LINCOLN — A judge Monday granted another delay in the trial of Joshua Keadle, the man accused of murdering an Omaha woman attending Peru State College.
District Judge Rick Schreiner ordered the trial to start Jan. 27 in Gage County. The three-week trial originally had been scheduled to begin in April but had been postponed to Sept. 16.
Keadle’s attorney asked for the second delay so the defense could review newly available content from victim Tyler Thomas’ laptop computer.
On Friday, Jeff Pickens of the Nebraska Commission on Public Advocacy said that because of a mix-up, a “limited preview” of 93KB of information found on Thomas’ laptop was not provided to the defense until Thursday.
He said that the information on the computer would take several days to analyze more thoroughly and that the data could provide crucial clues about the state of Thomas’ mind at the time she disappeared, and about whether a crime really occurred.

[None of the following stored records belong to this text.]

Lemma inv_word_map_perm (f : Z -> Z) (u u' : seq Z) : injective f -> perm_eq u u' ->
  odd (inv_word (map f u) + inv_word u) = odd (inv_word (map f u') + inv_word u').
Proof.
move=> f_inj; elim: u u' => [|x u IH] u' pu.
  by case: u' pu => // y s /perm_size.
have [p1 [p2 def_u']] : exists p1 p2, u' = p1 ++ x :: p2.
  have /splitPr[p1 p2] : x \in u' by rewrite -(perm_mem pu) mem_head.
  by exists p1, p2.
rewrite {u'}def_u' in pu *.
have pu12 : perm_eq u (p1 ++ p2).
  rewrite -(perm_cons x) (permPl pu); apply/permPl; exact: (perm_catCA p1 [:: x] p2).
have {}IH := IH _ pu12; rewrite map_cat in IH.
have sep_x : count (lt_of x) u = (count (lt_of x) p1 + count (lt_of x) p2)%N.
  by rewrite -count_cat; apply/permP.
have sep_fx : count (lt_of (f x)) (map f u) =
    (count (lt_of (f x)) (map f p1) + count (lt_of (f x)) (map f p2))%N.
  by rewrite -count_cat -map_cat; apply/permP; apply: perm_map.
have split_p1 : (count (lt_of (f x)) (map f p1) + count (gt_of (f x)) (map f p1) =
    count (lt_of x) p1 + count (gt_of x) p1)%N.
  rewrite !count_lt_gt count_map; apply: eq_count => y /=.
  by rewrite (inj_eq f_inj).
rewrite map_cat /= !inv_word_mid sep_x sep_fx !oddD.
by apply: xor_shuffle; rewrite -!oddD ?split_p1.
Qed.

Lemma monom_perm (u v : seq Z) : (monom u == monom v) = perm_eq u v.
Proof.
apply/eqP/idP => [muv|puv].
  by apply/allP => x _ /=; apply/eqP; move/ffunP: muv => /(_ x); rewrite !ffunE.
by apply/ffunP => x; rewrite !ffunE; apply/permP.
Qed.

Definition rep (m : {ffun Z -> nat}) : seq Z := flatten [seq nseq (m i) i | i <- enum Z].

Lemma monom_rep (m : {ffun Z -> nat}) : monom (rep m) = m.
Proof.
apply/ffunP => x; rewrite ffunE /rep count_flatten -map_comp.
rewrite (@eq_map _ _ _ (fun i => ((i == x) * m i)%N)); last first.
  by move=> i /=; rewrite count_nseq /= eq_sym mulnC.
rewrite sumnE big_map big_enum /= (bigD1 x) //= eqxx mul1n big1 ?addn0 //.
by move=> i /negPf ->.
Qed.

Lemma perm_rep (u : seq Z) : perm_eq u (rep (monom u)).
Proof. by rewrite -monom_perm monom_rep. Qed.

End Words.

Section FormalSums.
Variables (F : fieldType) (n : nat).
Local Notation Z := 'Z_n.
Local Notation elt := (elt F n).
Local Notation term := (term F n).
Local Notation equiv := (@Defs.equiv F n).

(* The sign with which a word equals its sorted monomial in A. *)
Definition sg (u : seq Z) : F := (-1) ^+ inv_word u.

Lemma sg_cat (u v : seq Z) : sg (u ++ v) = sg u * sg v * (-1) ^+ cross u v.
Proof. by rewrite /sg inv_word_cat !exprD. Qed.

Lemma sgK (u : seq Z) : sg u * sg u = 1.
Proof. by rewrite /sg -exprD -signr_odd oddD addbb. Qed.

Lemma sg_map_perm (f : Z -> Z) (u u' : seq Z) : injective f -> perm_eq u u' ->
  sg (map f u) * sg u = sg (map f u') * sg u'.
Proof.
move=> f_inj pu; rewrite /sg -!exprD -[LHS]signr_odd -[RHS]signr_odd.
by rewrite (inv_word_map_perm f_inj pu).
Qed.

Definition tval (t : term) : F := t.1.1 * sg t.1.2.

Lemma coefE (s : elt) m g : coef s m g =
  \sum_(t <- s) (if (monom t.1.2 == m) && (t.2 == g) then tval t else 0).
Proof. by rewrite /coef big_mkcond. Qed.

Lemma coef_cat (s t : elt) m g : coef (s ++ t) m g = coef s m g + coef t m g.
Proof. by rewrite /coef big_cat. Qed.

Lemma coef_flatten (L : seq elt) m g : coef (flatten L) m g = \sum_(s <- L) coef s m g.
Proof. by rewrite /coef big_flatten. Qed.

Definition tmul (a b : term) : term :=
  (a.1.1 * b.1.1, a.1.2 ++ map (fun i => i + a.2) b.1.2, a.2 + b.2).

Lemma emulE (s t : elt) : emul s t = [seq tmul a b | a <- s, b <- t].
Proof. by []. Qed.

Definition tcoef m g (t : term) : F :=
  if (monom t.1.2 == m) && (t.2 == g) then tval t else 0.

Lemma coef_emul (s t : elt) m g :
  coef (emul s t) m g = \sum_(a <- s) \sum_(b <- t) tcoef m g (tmul a b).
Proof. by rewrite coefE emulE big_allpairs_dep. Qed.

Lemma sum_by_coef (s : elt) (h : {ffun Z -> nat} -> Z -> F)
    (ks : seq ({ffun Z -> nat} * Z)) :
  uniq ks -> (forall t, t \in s -> (monom t.1.2, t.2) \in ks) ->
  \sum_(t <- s) tval t * h (monom t.1.2) t.2 = \sum_(k <- ks) coef s k.1 k.2 * h k.1 k.2.
Proof.
move=> uks sub.
under [RHS]eq_bigr => k _ do rewrite coefE big_distrl.
rewrite /= exchange_big /=; apply: eq_big_seq => t ts.
transitivity (\sum_(k <- ks | k == (monom t.1.2, t.2)) tval t * h (monom t.1.2) t.2).
  by rewrite big_const_seq count_uniq_mem // sub //= addr0.
rewrite big_mkcond; apply: eq_bigr => -[k1 k2] _ /=.
rewrite xpair_eqE [monom _ == k1]eq_sym [t.2 == k2]eq_sym.
by case: eqP => [->|_]; case: eqP => [->|_] /=; rewrite ?mul0r.
Qed.

Lemma equiv_sum (s s' : elt) (h : {ffun Z -> nat} -> Z -> F) : equiv s s' ->
  \sum_(t <- s) tval t * h (monom t.1.2) t.2 = \sum_(t <- s') tval t * h (monom t.1.2) t.2.
Proof.
move=> ss'; pose key (t : term) := (monom t.1.2, t.2).
pose ks := undup (map key s ++ map key s').
have uks : uniq ks by rewrite undup_uniq.
rewrite (sum_by_coef h uks) => [|t ts]; last by rewrite mem_undup mem_cat map_f.
rewrite (sum_by_coef h uks) => [|t ts]; last by rewrite mem_undup mem_cat (map_f key ts) orbT.
by apply: eq_bigr => k _; rewrite ss'.
Qed.

Lemma equiv_refl (s : elt) : equiv s s. Proof. by []. Qed.
Lemma equiv_sym (s t : elt) : equiv s t -> equiv t s. Proof. by move=> st m g; rewrite st. Qed.
Lemma equiv_trans (s t u : elt) : equiv s t -> equiv t u -> equiv s u.
Proof. by move=> st tu m g; rewrite st tu. Qed.

Lemma equiv_cat (s s' t t' : elt) : equiv s s' -> equiv t t' -> equiv (s ++ t) (s' ++ t').
Proof. by move=> ss' tt' m g; rewrite !coef_cat ss' tt'. Qed.

(* Each word is compared with the sorted representative
   of its monomial, the signs being controlled by [sg_map_perm] and [cross_perm*]. *)
Lemma emul_equivr (s t t' : elt) : equiv t t' -> equiv (emul s t) (emul s t').
Proof.
move=> tt' m g; rewrite !coef_emul; apply: eq_bigr => a _.
pose f i := i + a.2.
have f_inj : injective f by move=> x y; apply: addIr.
pose h (m2 : {ffun Z -> nat}) (g2 : Z) :=
  if (monom (a.1.2 ++ map f (rep m2)) == m) && (a.2 + g2 == g)
  then a.1.1 * sg (a.1.2 ++ map f (rep m2)) * sg (rep m2) else 0.
suff weight u : \sum_(b <- u) tcoef m g (tmul a b) = \sum_(b <- u) tval b * h (monom b.1.2) b.2.
  by rewrite !weight; apply: equiv_sum.
apply: eq_bigr => b _; rewrite /h /tcoef /tmul /tval /=.
have pb := perm_rep b.1.2.
have -> : monom (a.1.2 ++ map f b.1.2) = monom (a.1.2 ++ map f (rep (monom b.1.2))).
  by apply/eqP; rewrite monom_perm perm_cat2l perm_map.
case: ifP => _; last by rewrite mulr0.
rewrite !sg_cat (cross_permr _ (perm_map f pb)).
have -> : sg (map f b.1.2) = sg (map f (rep (monom b.1.2))) * sg (rep (monom b.1.2)) * sg b.1.2.
  by rewrite -(sg_map_perm f_inj pb) -mulrA sgK mulr1.
ring.
Qed.

Lemma emul_equivl (s s' t : elt) : equiv s s' -> equiv (emul s t) (emul s' t).
Proof.
move=> ss' m g; rewrite !coef_emul.
pose h (m1 : {ffun Z -> nat}) (g1 : Z) :=
  \sum_(b <- t) (if (monom (rep m1 ++ map (fun i => i + g1) b.1.2) == m) && (g1 + b.2 == g)
  then b.1.1 * sg (rep m1 ++ map (fun i => i + g1) b.1.2) * sg (rep m1) else 0).
suff weight u : \sum_(a <- u) \sum_(b <- t) tcoef m g (tmul a b) =
    \sum_(a <- u) tval a * h (monom a.1.2) a.2.
  by rewrite !weight; apply: equiv_sum.
apply: eq_bigr => a _; rewrite /h mulr_sumr; apply: eq_bigr => b _.
rewrite /tcoef /tmul /tval /=.
have pa := perm_rep a.1.2; set r := rep (monom a.1.2) in pa *.
have -> : monom (a.1.2 ++ [seq i + a.2 | i <- b.1.2]) = monom (r ++ [seq i + a.2 | i <- b.1.2]).
  by apply/eqP; rewrite monom_perm perm_cat2r.
case: ifP => _; last by rewrite mulr0.
rewrite !sg_cat (cross_perml _ pa).
transitivity (a.1.1 * b.1.1 * sg a.1.2 * sg [seq i + a.2 | i <- b.1.2] *
    (-1) ^+ cross r [seq i + a.2 | i <- b.1.2] * (sg r * sg r)); last by ring.
by rewrite sgK mulr1; ring.
Qed.

End FormalSums.

#[local] Instance equiv_Equivalence (F : fieldType) (n : nat) : Equivalence (@Defs.equiv F n).
Proof. by split => [s|s t|s t u]; [exact: equiv_refl|exact: equiv_sym|exact: equiv_trans]. Qed.

#[local] Instance emul_Proper (F : fieldType) (n : nat) :
  Proper (@Defs.equiv F n ==> @Defs.equiv F n ==> @Defs.equiv F n) (@emul F n).
Proof.
by move=> s s' ss' t t' tt'; apply: equiv_trans (emul_equivl _ ss') (emul_equivr _ tt').
Qed.

#[local] Instance cat_Proper (F : fieldType) (n : nat) :
  Proper (@Defs.equiv F n ==> @Defs.equiv F n ==> @Defs.equiv F n) (@cat (term F n)).
Proof. by move=> s s' ss' t t' tt'; apply: equiv_cat. Qed.

#[local] Instance in_ideal_e0_Proper (F : fieldType) (n : nat) (w : F) :
  Proper (@Defs.equiv F n ==> iff) (in_ideal_e0 w).
Proof. by move=> s s' ss'; split => -[l sl]; exists l; rewrite -sl ss'. Qed.

Section AlgebraLaws.
Variables (F : fieldType) (n : nat).
Local Notation elt := (elt F n).
Local Notation term := (term F n).
Local Notation equiv := (@Defs.equiv F n).

Lemma emul_catl (s s' t : elt) : emul (s ++ s') t = emul s t ++ emul s' t.
Proof. by rewrite !emulE allpairs_cat. Qed.

Lemma emul_catr (s t t' : elt) : equiv (emul s (t ++ t')) (emul s t ++ emul s t').
Proof.
move=> m g; rewrite coef_cat !coef_emul -big_split /=.
by apply: eq_bigr => a _; rewrite big_cat.
Qed.

Lemma emul0r (s : elt) : emul s [::] = [::]. Proof. by rewrite emulE allpairs0r. Qed.

Lemma tmulA (a b c : term) : tmul (tmul a b) c = tmul a (tmul b c).
Proof.
rewrite /tmul /= map_cat -map_comp -catA mulrA addrA; congr (_, _, _).
congr (_ ++ (_ ++ _)); apply: eq_map => i /=; by rewrite -addrA [a.2 + _]addrC.
Qed.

Thomas, a 19-year-old dance team captain from Omaha, disappeared on Dec. 3, 2010, after a night of partying at Peru State. Keadle, then 29, initially denied seeing her that night but eventually told authorities that he had driven her to a boat dock along the Missouri River.
He told investigators that Thomas asked for a ride to Omaha, and he requested a sex act in exchange. Keadle said that afterward, he changed his mind about giving her a ride and an argument ensued in which Thomas threatened to report that she had been raped. Keadle said he drove away, leaving Thomas at the boat dock.
She was never seen again, and her body, despite intensive searches, has never been found. Keadle, though a “person of interest” from the start, was not charged with murder until 2017. In the interim, he was found guilty of raping a 15-year-old girl in 2008 while he was a student at Midland College in Fremont, and Thomas’ family won a $2.6 billion judgment in a wrongful death lawsuit.
Schreiner previously ruled that the trial should be moved from Nemaha County, where Thomas was last seen, to Beatrice, where the courthouse has an elevator, a larger courtroom, and nearby meeting rooms and restrooms to better accommodate the trial.